_Work to be completed_
Please give back only the lines below from the one containing "(forall s, 0 <= s -> g' s <= 0) ->" to the one containing "destruct (near_line b", each repeated word for word, both ends included.

(Stored data)
Lemma le_linear_of_derive_le (g g' : R -> R) c :
  (forall s, 0 <= s -> derivable_pt_lim g s (g' s)) ->
  (forall s, 0 <= s -> g' s <= c) ->
  forall t, 0 <= t -> g t <= g 0 + c * t.
Proof.
  intros Hg Hc t Ht. destruct (Req_dec t 0) as [->|Ht0]; [lra|].
  destruct (MVT_cor2 g g' 0 t ltac:(lra)) as [s [Es Hs]].
  { intros s Hs. apply Hg. lra. }
  assert (g' s <= c) by (apply Hc; lra). nra.
Qed.

Lemma le_of_derive_nonpos (g g' : R -> R) :
  (forall s, 0 <= s -> derivable_pt_lim g s (g' s)) ->
  (forall s, 0 <= s -> g' s <= 0) ->
  forall t, 0 <= t -> g t <= g 0.
Proof.
  intros Hg Hc t Ht. replace (g 0) with (g 0 + 0 * t) by ring.
  exact (le_linear_of_derive_le g g' 0 Hg Hc t Ht).
Qed.

Definition rect {n} (z a b : vec n) (s t : R) : vec n :=
  vadd (vadd z (vscal s a)) (vscal t b).

Lemma rect_swap {n} (z a b : vec n) s t : rect z b a s t = rect z a b t s.
Proof. unfold rect. vec_ext. Qed.

Lemma near_rect {n} (z a b : vec n) m :
  0 < m -> exists rho, 0 < rho /\
    forall s t, Rabs s <= rho -> Rabs t <= rho -> near z (rect z a b s t) m.
Proof.
  intros Hm. destruct (near_line a (m / 2) ltac:(lra)) as [ea [Hea Ha]].
  destruct (near_line b (m / 2) ltac:(lra)) as [eb [Heb Hb]].
  exists (Rmin ea eb / 2). pose proof (Rmin_l ea eb). pose proof (Rmin_r ea eb).
  split; [pose proof (Rmin_pos ea eb Hea Heb); lra|].
  intros s t Hs Ht. replace m with (m / 2 + m / 2) by field.
  apply near_trans with (vadd z (vscal s a)); [apply Ha | apply Hb]; lra.
Qed.

Section Schwarz.

Context {n : nat} (U : vec n -> Prop) (phi : vec n -> R) (psi : vec n -> vec n -> R)
  (chi : vec n -> vec n -> vec n -> R).

Hypothesis phi_deriv : forall z a, U z ->
  derivable_pt_lim (fun t => phi (vadd z (vscal t a))) 0 (psi z a).
Hypothesis psi_deriv : forall z a b, U z ->
  derivable_pt_lim (fun t => psi (vadd z (vscal t a)) b) 0 (chi z a b).

Lemma second_difference_mvt z a b rho :
  0 < rho -> (forall s t, 0 <= s <= rho -> 0 <= t <= rho -> U (rect z a b s t)) ->
  exists s t, 0 < s < rho /\ 0 < t < rho /\
    phi (rect z a b rho rho) - phi (rect z a b rho 0) - phi (rect z a b 0 rho)
      + phi (rect z a b 0 0) = rho * rho * chi (rect z a b s t) b a.
Proof.
  intros Hrho HU.
  destruct (MVT_cor2 (fun s => phi (rect z a b s rho) - phi (rect z a b s 0))
              (fun s => psi (rect z a b s rho) a - psi (rect z a b s 0) a) 0 rho Hrho)
    as [s [Es Hs]].
  { intros s Hs. apply derivable_pt_lim_minus;
      (apply derivable_pt_lim_along with a;
       [intro; unfold rect; vec_ext | apply phi_deriv, HU; lra]). }
  destruct (MVT_cor2 (fun t => psi (rect z a b s t) a) (fun t => chi (rect z a b s t) b a)
              0 rho Hrho) as [t [Et Ht]].
  { intros t Ht. apply (derivable_pt_lim_along (fun w => psi w a) (rect z a b s) b);
      [intro; unfold rect; vec_ext | apply psi_deriv, HU; lra]. }
  exists s, t. split; [lra|]. split; [lra|].
  cbv beta in Es, Et. rewrite Et in Es. lra.
Qed.

Hypothesis U_open : open_set U.
Hypothesis chi_cont : forall a b, cont_on U (fun z => chi z a b).

Lemma chi_symmetric z a b : U z -> chi z a b = chi z b a.
Proof.
  intros Hz. apply cond_eq. intros eps Heps.
  destruct (U_open z Hz) as [r [Hr Hball]].
  destruct (chi_cont b a z Hz (eps / 2) ltac:(lra)) as [d1 [Hd1 C1]].
  destruct (chi_cont a b z Hz (eps / 2) ltac:(lra)) as [d2 [Hd2 C2]].
  set (m := Rmin r (Rmin d1 d2)).
  assert (Hm : 0 < m) by (unfold m; repeat apply Rmin_pos; lra).
  assert (Hmr : m <= r) by apply Rmin_l.
  assert (Hm1 : m <= d1) by (eapply Rle_trans; [apply Rmin_r | apply Rmin_l]).
  assert (Hm2 : m <= d2) by (eapply Rle_trans; [apply Rmin_r | apply Rmin_r]).
  destruct (near_rect z a b m Hm) as [rho [Hrho Hnear]].
  assert (Hin : forall s t, 0 <= s <= rho -> 0 <= t <= rho ->
            forall m', m <= m' -> near z (rect z a b s t) m').
  { intros s t Hs Ht m' Hm' i.
    assert (Hst := Hnear s t ltac:(apply Rabs_le; lra) ltac:(apply Rabs_le; lra) i). lra. }
  assert (HU : forall s t, 0 <= s <= rho -> 0 <= t <= rho -> U (rect z a b s t))
    by (intros; apply Hball, Hin; auto).
  destruct (second_difference_mvt z a b rho Hrho HU) as [s [t [Hs [Ht E]]]].
  destruct (second_difference_mvt z b a rho Hrho) as [t' [s' [Ht' [Hs' E']]]].
  { intros t' s' Ht' Hs'. rewrite (rect_swap z a b). apply HU; auto. }
  rewrite !(rect_swap z a b) in E'.
  assert (Eq : chi (rect z a b s t) b a = chi (rect z a b s' t') a b).
  { apply Rmult_eq_reg_l with (rho * rho); [lra | apply Rgt_not_eq, Rmult_lt_0_compat; lra]. }
  specialize (C1 (rect z a b s t) ltac:(apply HU; lra) ltac:(apply Hin; lra)).
  specialize (C2 (rect z a b s' t') ltac:(apply HU; lra) ltac:(apply Hin; lra)).
  cbv beta in C1, C2. rewrite Eq in C1.
  apply Rabs_def2 in C1. apply Rabs_def2 in C2. apply Rabs_def1; lra.
Qed.

End Schwarz.

Lemma derive_neg_local_decrease (g : R -> R) x c :
  derivable_pt_lim g x c -> c < 0 ->
  exists del, 0 < del /\ forall h, h <> 0 -> Rabs h < del -> (g (x + h) - g x) * h < 0.
Proof.
  intros Hg Hc. destruct (Hg (- c / 2) ltac:(lra)) as [del Hdel].
  exists del. split; [apply cond_pos|]. intros h Hh0 Hh.
  destruct (Rabs_def2 _ _ (Hdel h Hh0 Hh)) as [Hq _].
  set (q := (g (x + h) - g x) / h) in Hq.
  replace (g (x + h) - g x) with (q * h) by (unfold q; field; exact Hh0).
  assert (0 < h * h) by nra. nra.
Qed.

Lemma second_derivative_nonneg_of_midpoint_convex (f f' : R -> R) e c :
  0 < e -> (forall t, Rabs t < e -> derivable_pt_lim f t (f' t)) ->
  derivable_pt_lim f' 0 c ->
  (forall t, Rabs t < e -> 2 * f 0 <= f t + f (- t)) -> 0 <= c.
Proof.
  intros He Df Df' Hmid. destruct (Rle_or_lt 0 c) as [|Hc]; [assumption|exfalso].
  destruct (derive_neg_local_decrease f' 0 c Df' Hc) as [del [Hdel Hdec]].
  set (ep := Rmin del e / 2).
  pose proof (Rmin_l del e). pose proof (Rmin_r del e). pose proof (Rmin_pos del e Hdel He).
  assert (Hin : forall t, - ep <= t <= ep -> Rabs t < del /\ Rabs t < e)
    by (intros t Ht; split; apply Rabs_def1; unfold ep in *; lra).
  destruct (MVT_cor2 f f' 0 ep ltac:(unfold ep; lra)) as [x1 [E1 Hx1]].
  { intros t Ht. apply Df, Hin. lra. }
  destruct (MVT_cor2 f f' (- ep) 0 ltac:(unfold ep; lra)) as [x2 [E2 Hx2]].
  { intros t Ht. apply Df, Hin. lra. }
  assert (D1 := Hdec x1 ltac:(lra) ltac:(apply Hin; lra)).
  assert (D2 := Hdec x2 ltac:(lra) ltac:(apply Hin; lra)).
  rewrite Rplus_0_l in D1, D2.
  assert (f' x1 < f' 0) by nra. assert (f' 0 < f' x2) by nra.
  assert (M := Hmid ep ltac:(apply Hin; lra)). nra.
Qed.

Lemma hessian_nonneg_of_convex {n} (U : vec n -> Prop) (F : vec n -> R)
    (DF : vec n -> vec n -> R) (D2F : vec n -> vec n -> vec n -> R) :
  open_set U ->
  (forall x h, U x -> derivable_pt_lim (fun t => F (vadd x (vscal t h))) 0 (DF x h)) ->
  (forall x h u, U x -> derivable_pt_lim (fun t => DF (vadd x (vscal t h)) u) 0 (D2F x h u)) ->
  convex_fun_on U F ->
  forall y u, U y -> 0 <= D2F y u u.
Proof.
  intros HU D1 D2 Hconv y u Hy.
  destruct (open_set_line U y u HU Hy) as [e [He Hl]].
  apply (second_derivative_nonneg_of_midpoint_convex
           (fun t => F (vadd y (vscal t u))) (fun t => DF (vadd y (vscal t u)) u) e);
    [exact He | | apply D2, Hy | ].
  - intros t Ht. apply derivable_pt_lim_along with u; [intro; vec_ext | apply D1, Hl, Ht].
  - intros t Ht. cbv beta.
    assert (Ht' : Rabs (- t) < e) by (rewrite Rabs_Ropp; exact Ht).
    assert (C := Hconv _ _ (1 / 2) (Hl t Ht) (Hl (- t) Ht') ltac:(lra)).
    replace (vadd (vscal (1 / 2) (vadd y (vscal t u)))
               (vscal (1 - 1 / 2) (vadd y (vscal (- t) u))))
      with (vadd y (vscal 0 u)) in C
      by (apply functional_extensionality; intro; unfold vadd, vscal; field).
    lra.
Qed.

Lemma third_derivative_swap {n} (U : vec n -> Prop) (F : vec n -> R)
    (DF : vec n -> vec n -> R) (D2F : vec n -> vec n -> vec n -> R)
    (D3F : vec n -> vec n -> vec n -> vec n -> R) :
  open_set U ->
  (forall x h, U x -> derivable_pt_lim (fun t => F (vadd x (vscal t h))) 0 (DF x h)) ->
  (forall x h u, U x -> derivable_pt_lim (fun t => DF (vadd x (vscal t h)) u) 0 (D2F x h u)) ->
  (forall x h u v, U x ->
     derivable_pt_lim (fun t => D2F (vadd x (vscal t h)) u v) 0 (D3F x h u v)) ->
  (forall h u, cont_on U (fun x => D2F x h u)) ->
  (forall h u v, cont_on U (fun x => D3F x h u v)) ->
  forall x h u, U x -> D3F x h h u = D3F x u h h.
Proof.
  intros HU D1 D2 D3 cD2 cD3 x h u Hx.
  rewrite <- (chi_symmetric U (fun w => DF w h) (fun w a => D2F w a h)
                (fun w a b => D3F w a b h)); auto.
  apply (directional_derivative_local_unique U (fun w => D2F w h u) (fun w => D2F w u h) x h);
    auto.
  intros w Hw. apply (chi_symmetric U F DF D2F); auto.
Qed.

Lemma cone_add {n} (K : vec n -> Prop) a b :
  is_cone K -> convex_set K -> K a -> K b -> K (vadd a b).
Proof.
  intros Hc Hv Ha Hb.
  replace (vadd a b) with (vscal 2 (vadd (vscal (1 / 2) a) (vscal (1 - 1 / 2) b)))
    by (apply functional_extensionality; intro; unfold vadd, vscal; field).
  apply Hc; [apply Hv; auto | ]; lra.
Qed.

Lemma int_set_ray {n} (K : vec n -> Prop) x h t :
  is_cone K -> convex_set K -> int_set K x -> K h -> 0 <= t ->
  int_set K (vadd x (vscal t h)).
Proof.
  intros Hc Hv [r [Hr HK]] Hh Ht. exists r. split; [exact Hr|]. intros y Hy.
  replace y with (vadd (vadd y (vscal (- t) h)) (vscal t h)) by vec_ext.
  apply cone_add; auto.
  apply HK. intro i. specialize (Hy i). unfold vadd, vscal in *.
  replace (y i + - t * h i - x i) with (y i - (x i + t * h i)) by ring. exact Hy.
Qed.

Lemma linear_form_sub {n} (s1 s2 : vec n -> R) :
  linear_form s1 -> linear_form s2 -> linear_form (fun u => s1 u - s2 u).
Proof. intros L1 L2 x y a b. rewrite L1, L2. ring. Qed.

Section NegativeCurvature.

Context {n : nat} (K : vec n -> Prop) (DF : vec n -> vec n -> R)
  (D2F : vec n -> vec n -> vec n -> R) (D3F : vec n -> vec n -> vec n -> vec n -> R)
  (theta : R).

Hypothesis K_cone : is_cone K.
Hypothesis K_convex : convex_set K.
Hypothesis DF_deriv : forall x h u, int_set K x ->
  derivable_pt_lim (fun t => DF (vadd x (vscal t h)) u) 0 (D2F x h u).
Hypothesis D2F_deriv : forall x h u v, int_set K x ->
  derivable_pt_lim (fun t => D2F (vadd x (vscal t h)) u v) 0 (D3F x h u v).
Hypothesis D3F_swap : forall x h u, int_set K x -> D3F x h h u = D3F x u h h.
Hypothesis D2F_diag_nonneg : forall x u, int_set K x -> 0 <= D2F x u u.
Hypothesis barrier_parameter : forall x u, int_set K x -> (DF x u) ^ 2 <= theta * D2F x u u.
Hypothesis neg_curvature : negative_curvature K D3F.

Section Ray.

Variables y k : vec n.
Hypothesis y_int : int_set K y.
Hypothesis k_in_K : K k.

Let ray t := vadd y (vscal t k).

Let ray_0 : ray 0 = y.
Proof. unfold ray. vec_ext. Qed.

Let ray_int t : 0 <= t -> int_set K (ray t).
Proof. intros Ht. apply int_set_ray; auto. Qed.

Lemma derivable_along_ray (f g : vec n -> R) :
  (forall w, int_set K w -> derivable_pt_lim (fun t => f (vadd w (vscal t k))) 0 (g w)) ->
  forall s, 0 <= s -> derivable_pt_lim (fun t => f (ray t)) s (g (ray s)).
Proof.
  intros Hf s Hs. apply derivable_pt_lim_along with k.
  - intro t. unfold ray. vec_ext.
  - apply Hf, ray_int, Hs.
Qed.

Lemma D2F_ray_diag_le u t : 0 <= t -> D2F (ray t) u u <= D2F y u u.
Proof.
  rewrite <- ray_0.
  apply (le_of_derive_nonpos (fun t => D2F (ray t) u u) (fun t => D3F (ray t) k u u)).
  - apply (derivable_along_ray (fun w => D2F w u u) (fun w => D3F w k u u)).
    intros w Hw. apply D2F_deriv, Hw.
  - intros s Hs. apply neg_curvature; auto.
Qed.

Lemma D2F_ray_cross_le u t : K u -> 0 <= t -> D2F (ray t) k u <= D2F y k u.
Proof.
  intros Hu. rewrite <- ray_0.
  apply (le_of_derive_nonpos (fun t => D2F (ray t) k u) (fun t => D3F (ray t) k k u)).
  - apply (derivable_along_ray (fun w => D2F w k u) (fun w => D3F w k k u)).
    intros w Hw. apply D2F_deriv, Hw.
  - intros s Hs. rewrite D3F_swap by auto. apply neg_curvature; auto.
Qed.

_Response box_
  (forall s, 0 <= s -> g' s <= 0) ->
  forall t, 0 <= t -> g t <= g 0.
Proof.
  intros Hg Hc t Ht. replace (g 0) with (g 0 + 0 * t) by ring.
  exact (le_linear_of_derive_le g g' 0 Hg Hc t Ht).
Qed.

Definition rect {n} (z a b : vec n) (s t : R) : vec n :=
  vadd (vadd z (vscal s a)) (vscal t b).

Lemma rect_swap {n} (z a b : vec n) s t : rect z b a s t = rect z a b t s.
Proof. unfold rect. vec_ext. Qed.

Lemma near_rect {n} (z a b : vec n) m :
  0 < m -> exists rho, 0 < rho /\
    forall s t, Rabs s <= rho -> Rabs t <= rho -> near z (rect z a b s t) m.
Proof.
  intros Hm. destruct (near_line a (m / 2) ltac:(lra)) as [ea [Hea Ha]].
  destruct (near_line b (m / 2) ltac:(lra)) as [eb [Heb Hb]].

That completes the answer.